Twist in Time
By Kevin Wong
Usually, I write my film review right after I watch the film. This is when it is freshest in my mind, and I can remember all the details I need to write a comprehensive review. I also like to capture my visceral, emotional reaction to the film, which might dissipate if I wait too long to commit fingers to keyboard. I'll then reflect over the next couple of days and edit the draft accordingly.
After I watched Inception, however, I went straight to bed.
Christopher Nolan's latest, strangest, science fiction film is difficult to pin down. It unfolds in layers, both literally and figuratively, and it's hard to determine what is meant to be deliberately confusing and what is the result of poor screenwriting choices. Nolan's first film, Memento, did not have this effect on me. That film, an interesting exercise in jumbled chronology, had a single, simple plot line that could be followed. I admire a lot of things in Inception, including its ambition, but Nolan has bitten off a bit more than he can chew in this latest outing. The film wants to be two different things, and this compromises what could have been a more direct, and thus more effective, film.
The first thing that it wants to be is an Ocean's 11-esque heist caper. Don Cobb (Leonardo DiCaprio) is the Danny Ocean of sorts - the leader of professional 'extractors' who enter people's unconscious minds to root out otherwise unattainable information. And like Danny Ocean, Cobb has also assembled a crew of professional, multicultural thieves for hire: Arthur (Joseph Gordon-Levitt), a right hand wiseass who's the closest thing Cobb has to a colleague; and Adriadne (Ellen Page), a student and 'architect,' whose job it is to construct the setting of the dream through which they can access their victim's mind. The crew is rounded out by Eames (Tom Hardy), a 'forger' who roleplays necessary roles in the dream; and Yusuf (Dileep Rao) a 'chemist' who tranquilizes the victim with enough sedatives to keep them under while the crew performs their mental heist.
They've been asked by Saito (Ken Watanabe), a businessman with shady interests, to perform a nigh impossible task; rather than extracting a thought or fact from someone's mind, Saito wants the crew to plant one in the mind of a rival businessman.
This, however, proves difficult. In order to plant the thought well and not arouse suspicion, they have have to dig very deeply into their subject's mind. Have you ever had a dream within a dream? Where you have a dream, and then wake up and are still in a dream? Cobb and his crew have to go one more level down, and dig into a dream within a dream within a dream, to do their job effectively.
The intricacies of doing this is the great part of the film. There are visual sequences that adhere to a wonderful sort of dream logic: zero gravity enclosures, upside down cities, bridges being constructed out of spare parts, and time slowed to a jellied crawl. All of this, and the extended, expositional dialogue that explains how it all works, was grin-inducing and engaging in the fullest; I watched these sequences with the interest of a student, wanting to know more about the complexities of this strange, futuristic world.

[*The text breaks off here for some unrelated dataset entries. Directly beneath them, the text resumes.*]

(* In the setting below, for any integer $k$ with $-g(K)\le k\le g(K)$ and any nonzero $a\in B'_k$, there is no element $b\in\widehat{CFD}(X_K^{[n]})$ with $D_1\circ D_2(b)=D_{123}(a)$ or with $D_1\circ D_{12}(b)=D_{123}(a)$.
   Context: Over $\mathbb F=\mathbb Z/2$. Let $K$ be a nontrivial knot of genus $g(K)$ in an $L$-space integral homology sphere, $C^-=CFK^-(K)$, a free $\mathbb F[U]$-complex with Alexander filtration $\cdots\subset\mathcal F_i\subset\mathcal F_{i+1}\subset\cdots$, $A(x)=\min\{i: x\in\mathcal F_i\}$, $U$ lowering $A$ by one, assumed reduced. A filtered basis is an $\mathbb F[U]$-basis whose images in the associated graded module form a basis. A vertically simplified basis is a filtered basis $\{\tilde\xi_0,\dots,\tilde\xi_{2m}\}$ with $A(\tilde\xi_{2j-1})-A(\tilde\xi_{2j})=h_j>0$, $\partial\tilde\xi_{2j-1}\equiv\tilde\xi_{2j}\pmod{UC^-}$ ($1\le j\le m$) and $\partial\tilde\xi_{2i}\equiv0\pmod{UC^-}$. A horizontally simplified basis is a filtered basis $\{\tilde\eta_0,\dots,\tilde\eta_{2m}\}$ with $A(\tilde\eta_{2j})-A(\tilde\eta_{2j-1})=\ell_j>0$, $\partial\tilde\eta_{2j-1}\equiv U^{\ell_j}\tilde\eta_{2j}\pmod{\mathcal F_{A(\tilde\eta_{2j-1})-1}}$, and $A(\partial\tilde\eta_{2i})<A(\tilde\eta_{2i})$. Fix such bases with the property that each $\tilde\xi_p$ is an $\mathbb F[U]$-combination of those $\tilde\eta_q$ with $A(a_{p,q}\tilde\eta_q)=A(\tilde\xi_p)$, and vice versa. Let $N=\widehat{CFD}(X_K^{[n]})$ (any integer framing $n$), given by the following model: $\iota_0N$ has bases $\{\xi_p\}$ and $\{\eta_p\}$ related by the change-of-basis coefficients of $\{\tilde\xi_p\},\{\tilde\eta_p\}$ evaluated at $U=0$; each element of $\iota_0N$ inherits the Alexander grading of the corresponding element of $C^-$; $\iota_1N$ has basis $\{\kappa^j_1,\dots,\kappa^j_{h_j}\}_j\cup\{\lambda^j_1,\dots,\lambda^j_{\ell_j}\}_j$ together with generators of an ''unstable chain''. Coefficient maps: vertical chains $\xi_{2j-1}\xrightarrow{D_1}\kappa^j_1\xleftarrow{D_{23}}\kappa^j_2\xleftarrow{D_{23}}\cdots\xleftarrow{D_{23}}\kappa^j_{h_j}\xleftarrow{D_{123}}\xi_{2j}$; horizontal chains $\eta_{2j-1}\xrightarrow{D_3}\lambda^j_1\xrightarrow{D_{23}}\cdots\xrightarrow{D_{23}}\lambda^j_{\ell_j}\xrightarrow{D_2}\eta_{2j}$; and an unstable chain connecting $\xi_0$ to $\eta_0$ depending on $t=n-2\tau(K)$ (where $\tau(K)=A(\tilde\xi_0)$): for $t>0$, $\xi_0\xrightarrow{D_1}\mu_1\xleftarrow{D_{23}}\cdots\xleftarrow{D_{23}}\mu_t\xleftarrow{D_3}\eta_0$; for $t=0$, $\xi_0\xrightarrow{D_1}\nu_1\xleftarrow{D_\emptyset}\nu_2\xrightarrow{D_2}\eta_0$ (for an $L$-space knot, instead $\xi_0\xrightarrow{D_{12}}\eta_0$); for $t<0$, $\xi_0\xrightarrow{D_{12}}\nu_1\xleftarrow{D_\emptyset}\nu_2\xrightarrow{D_3}\mu_1\xrightarrow{D_{23}}\cdots\xrightarrow{D_{23}}\mu_{|t|}\xrightarrow{D_2}\eta_0$ (for an $L$-space knot, instead $\xi_0\xrightarrow{D_{123}}\mu_1\xrightarrow{D_{23}}\cdots\xrightarrow{D_{23}}\mu_{|t|}\xrightarrow{D_2}\eta_0$). Here an arrow $x\xrightarrow{D_I}y$ means $y$ appears in $D_I(x)$, the $D_I$ being extended linearly. $B_k\subset\iota_0N$ is the span of elements of Alexander grading $k$, and $B'_k=B_k\cap\operatorname{span}\{\xi_2,\xi_4,\dots,\xi_{2m}\}\cap\operatorname{span}\{\eta_1,\eta_3,\dots,\eta_{2m-1}\}$. *)

From HB Require Import structures.
From mathcomp Require Import all_boot all_order all_algebra.
Import Order.TTheory GRing.Theory Num.Theory.
Local Open Scope ring_scope.

(* The knot Floer complex C^- = CFK^-(K).                               *)
(* C^- is a free F[U]-module (F = Z/2) of rank r.  We use coordinates   *)
(* with respect to the vertically simplified filtered basis ~xi_p, so   *)
(* an element of C^- is a row vector over {poly 'F_2} (U = 'X), ~xi_p   *)
(* is [delta_mx 0 p], and the differential is x |-> x *m Dm.  Since     *)
(* ~xi is a filtered basis with gradings Axi, the Alexander filtration  *)
(* is F_k = span{ U^s ~xi_p : Axi p - s <= k }.                          *)

Definition inF r (Axi : 'I_r -> int) (k : int) (x : 'rV[{poly 'F_2}]_r) : Prop :=
  forall (p : 'I_r) (s : nat), (x 0 p)`_s != 0 -> Axi p - s%:Z <= k.

Definition hasA r (Axi : 'I_r -> int) (x : 'rV[{poly 'F_2}]_r) (a : int) : Prop :=
  inF r Axi a x /\ ~ inF r Axi (a - 1) x.

(* x \in U C^- *)
Definition inUC r (x : 'rV[{poly 'F_2}]_r) : Prop :=
  forall p : 'I_r, (x 0 p)`_0 = 0.

Definition filtered_basis r (Axi : 'I_r -> int) (B : 'M[{poly 'F_2}]_r)
    (Ab : 'I_r -> int) : Prop :=
  B \in unitmx /\
  forall (c : 'rV[{poly 'F_2}]_r) (k : int),
    inF r Axi k (c *m B) <->
    (forall (q : 'I_r) (s : nat), (c 0 q)`_s != 0 -> Ab q - s%:Z <= k).

(* Standing algebraic properties of CFK^- of a knot in an L-space      *)
(* integral homology sphere: F[U]-linear differential squaring to 0,   *)
(* preserving the filtration, reduced, with homology F[U].             *)
Definition knot_complex r (Axi : 'I_r -> int) (Dm : 'M[{poly 'F_2}]_r) : Prop :=
  [/\ Dm *m Dm = 0,
      (forall x k, inF r Axi k x -> inF r Axi k (x *m Dm)),
      (forall x k, inF r Axi k x ->
         exists y z, x *m Dm = y + 'X *: z /\ inF r Axi (k - 1) y) &
      (exists z : 'rV[{poly 'F_2}]_r,
         z *m Dm = 0 /\
         (forall c, c *m Dm = 0 -> exists f w, c = f *: z + w *m Dm) /\
         (forall f w, f *: z = w *m Dm -> f = 0))].

(* genus via genus detection: g = max Alexander grading of HFK-hat,    *)
(* which for a reduced complex is the max grading of a filtered basis. *)
Definition genus_of r (Axi : 'I_r -> int) (g : nat) : Prop :=
  (forall p, Axi p <= g%:Z) /\ (exists p, Axi p = g%:Z).

(* indices: evI m i = 2i, oddI m j = 2j+1 (so xi_{2j-1}, j=1..m, is     *)
(* oddI m (j-1) and xi_{2j} is evI m j) *)
Definition evI m (i : nat) : 'I_(m.*2.+1) := inord (i.*2).
Definition oddI m (j : nat) : 'I_(m.*2.+1) := inord (j.*2.+1).

Definition vert_simpl m (Dm : 'M[{poly 'F_2}]_(m.*2.+1)) (Axi : 'I_(m.*2.+1) -> int)
    (h : 'I_m -> nat) : Prop :=
  (forall j : 'I_m,
     [/\ (0 < h j)%N,
         Axi (oddI m j) - Axi (evI m j.+1) = (h j)%:Z &
         inUC _ (delta_mx 0 (oddI m j) *m Dm - delta_mx 0 (evI m j.+1))]) /\
  (forall i : 'I_m.+1, inUC _ (delta_mx 0 (evI m i) *m Dm)).

(* rows of Q are the horizontally simplified basis ~eta_q *)
Definition horiz_simpl m (Dm : 'M[{poly 'F_2}]_(m.*2.+1)) (Axi : 'I_(m.*2.+1) -> int)
    (Q : 'M[{poly 'F_2}]_(m.*2.+1)) (Aeta : 'I_(m.*2.+1) -> int)
    (l : 'I_m -> nat) : Prop :=
  [/\ filtered_basis _ Axi Q Aeta,
      (forall j : 'I_m,
         [/\ (0 < l j)%N,
             Aeta (evI m j.+1) - Aeta (oddI m j) = (l j)%:Z &
             inF _ Axi (Aeta (oddI m j) - 1)
               (row (oddI m j) Q *m Dm - 'X^(l j) *: row (evI m j.+1) Q)]) &
      (forall i : 'I_m.+1,
         inF _ Axi (Aeta (evI m i) - 1) (row (evI m i) Q *m Dm))].
Definition local_ring (m : R -> Prop) : Prop :=
  is_maximal_ideal m /\
  forall J : R -> Prop, is_maximal_ideal J -> forall x, J x <-> m x.

Variable M : lmodType R.

Definition is_submod (N : M -> Prop) : Prop :=
  [/\ N 0, (forall x y, N x -> N y -> N (x + y)) & (forall r x, N x -> N (r *: x))].

Definition gen (S : M -> Prop) (x : M) : Prop :=
  exists n (v : 'I_n -> M) (c : 'I_n -> R),
    (forall i, S (v i)) /\ x = \sum_(i < n) c i *: v i.

Definition fin_gen_mod : Prop :=
  exists n (v : 'I_n -> M), forall x, gen (fun y => exists i, y = v i) x.

Definition is_RHom (f : M -> R) : Prop :=
  (forall x y, f (x + y) = f x + f y) /\ (forall r x, f (r *: x) = r * f x).

Definition ISM (m : R -> Prop) (S : M -> Prop) (y : M) : Prop :=
  gen S y /\ forall f : M -> R, is_RHom f -> m (f y).

Definition sub_strict (A B : M -> Prop) : Prop :=
  (forall x, A x -> B x) /\ exists x, B x /\ ~ A x.

(* a chain L <= N_0 < N_1 < ... < N_n <= N of submodules, i.e. a chain of
   length n of submodules of N/L *)
Definition chain_between (L N : M -> Prop) (n : nat) : Prop :=
  exists C : nat -> (M -> Prop),
    [/\ forall i, (i <= n)%N -> is_submod (C i),
        forall i, (i <= n)%N -> forall x, L x -> C i x,
        forall i, (i <= n)%N -> forall x, C i x -> N x &
        forall i, (i < n)%N -> sub_strict (C i) (C i.+1)].

Definition quot_length_is (L N : M -> Prop) (n : nat) : Prop :=
  chain_between L N n /\ forall k, chain_between L N k -> (k <= n)%N.

(* there is a free R-submodule G <= <S> of rank n (basis v of size n)
   that is a direct summand of M *)
Definition free_summand_in (S : M -> Prop) (n : nat) : Prop :=
  exists v : 'I_n -> M,
    [/\ (forall c : 'I_n -> R, \sum_(i < n) c i *: v i = 0 -> forall i, c i = 0),
        (forall i, gen S (v i)) &
        exists K : M -> Prop,
          [/\ is_submod K,
              (forall x, exists g k, [/\ gen (fun y => exists i, y = v i) g, K k & x = g + k]) &
              (forall x, gen (fun y => exists i, y = v i) x -> K x -> x = 0)]].

Definition delta_is (S : M -> Prop) (n : nat) : Prop :=
  free_summand_in S n /\ forall k, free_summand_in S k -> (k <= n)%N.

End CommAlg.

From HB Require Import structures.
From mathcomp Require Import all_boot all_order all_algebra.
From Stdlib Require Import Classical IndefiniteDescription.
Set Implicit Arguments. Unset Strict Implicit. Unset Printing Implicit Defensive.
Import GRing.Theory.
Local Open Scope ring_scope.

(* Both numbers equal the largest k admitting v_1, ..., v_k in <S> and
   f_1, ..., f_k in Hom_R(M, R) with f_i(v_j) = delta_ij.  Such a biorthogonal
   family spans a free direct summand of M, complemented by the common kernel of
   the f_i; conversely the coordinate functions of a free summand form one.
   The family yields the chain
     I(S,M) <= I + Rv_1 < ... < I + Rv_1 + ... + Rv_k <= <S>,
   strict because f_j maps the j-th term into m while f_j(v_j) = 1.  Conversely,
   given a chain C_0 < ... < C_k, an element of C_(j+1) \ C_j minus its
   projection on v_1, ..., v_j lies outside I(S,M), so some f sends it outside m,
   that is to a unit since R is local; rescaling f and correcting it by the
   f_i extends the family.  Finally k is bounded by the number g of generators
   of M: the identity matrix (f_i(v_j)) factors through R^g, impossible for
   k > g since a k x g by g x k product has determinant 0. *)

Section Rings.
Variable R : comNzRingType.

Lemma sum_mul_delta (I : finType) (F : I -> R) i : \sum_j F j * (j == i)%:R = F i.
Proof.
by rewrite (bigD1 i) //= eqxx mulr1 big1 ?addr0 // => j /negbTE ->; rewrite mulr0.
Qed.

Lemma ideal_sum (J : R -> Prop) n (c a : 'I_n -> R) :
  is_ideal J -> (forall i, J (a i)) -> J (\sum_i c i * a i).
Proof. by case=> J0 JD JM Ja; apply: big_ind => // i _; apply: JM. Qed.

Lemma noetherian_chain_stable (C : nat -> R -> Prop) :
  noetherian_ring R -> (forall n, is_ideal (C n)) -> (forall n x, C n x -> C n.+1 x) ->
  exists N, forall x, C N.+1 x -> C N x.
Proof.
move=> noeth idC incC.
have monoC : {homo C : i j / (i <= j)%N >-> forall x, i x -> j x}.
  by apply: homo_leq => // B A D sAB sBD x /sAB /sBD.
pose U x := exists n, C n x.
have idU : is_ideal U.
  split; first by exists 0%N; case: (idC 0%N).
  - move=> x y [i Cx] [j Cy]; exists (maxn i j); case: (idC (maxn i j)) => _ CD _.
    by apply: CD; [apply: monoC Cx; rewrite leq_maxl | apply: monoC Cy; rewrite leq_maxr].
  - by move=> r x [i Cx]; exists i; case: (idC i) => _ _; apply.
have [p [a spanU]] := noeth U idU.
have [level Ca] : exists level : 'I_p -> nat, forall i, C (level i) (a i).
  apply: (functional_choice (fun i n => C n (a i))) => i.
  apply/spanU; exists (fun j => (j == i)%:R).
  by under eq_bigr do rewrite mulrC; rewrite sum_mul_delta.
exists (\max_i level i)%N => x CNx.
have /spanU [c ->] : U x by exists (\max_i level i).+1.
apply: ideal_sum => [|i]; first exact: idC.
exact: monoC (leq_bigmax i) _ (Ca i).
Qed.

Lemma nonmaximal_ideal_grows (J : R -> Prop) :
  is_ideal J -> ~ J 1 -> ~ is_maximal_ideal J ->
  exists J', [/\ is_ideal J', ~ J' 1, (forall x, J x -> J' x) & exists x, J' x /\ ~ J x].
Proof.
move=> idJ nJ1 nmaxJ; apply: NNPP => nogrow; apply: nmaxJ; split=> // J' idJ' sJJ'.
case: (classic (J' 1)) => [|nJ'1]; [by right | left => x; split; last exact: sJJ'].
by move=> J'x; apply: NNPP => nJx; apply: nogrow; exists J'; split=> //; exists x.
Qed.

The 'heist' itself was really enjoyable too. Apparently, time slows down the deeper one pushes into a person's mind, and this makes for some action sequences that were wonderfully edited and visually rich. From a rain-soaked urban backdrop, to a gaudily modern hotel, to a snow-covered, militarized landscape, the film's dreams get more and more compelling the further down they dig.
The best heist films in Hollywood, from The Killing to A Fish Called Wanda, focused on the process of the heist itself, because the filmmakers knew what was most fascinating to focus on. Characterization, in other words, took a backseat to process. And this is how I wish the film had remained: as a science fiction heist film. It's when Nolan turns the film into a thesis about the difference between reality and make believe, between forgiveness and carrying guilt, that the film goes off the rails. DiCaprio plays Cobb as a tortured, mentally unbalanced fellow who, unfortunately, is identical to the same tortured, mentally unbalanced fellow he played in Shutter Island, which was released earlier this year. Just as in that film, he's pining incessantly over a dead woman, and it's an unnecessary complication to what we're really interested in: the intricacies of dream travel.
Come awards season, I can definitely see this film snagging a nomination or two; the first half is done expertly well. Inception has a great look and a clever premise, but it aims to be transcendent, and in this attempt, falls short of its goals. Cobb's psychological problems come to dominate the film, both literally and thematically, and the issues are merely grazed, not delved into deeply enough to make us sympathize with Cobb or any of the associated characters. What could have been a clean, well-drawn plot thread becomes unnecessarily twisted, and I left the theater more puzzled than I ought to have been and more emotionally disconnected than I wanted to be. Inception's audience receives melodrama instead of drama, and is ultimately left out in the cold, wondering what happened to the slick, fun movie they were watching.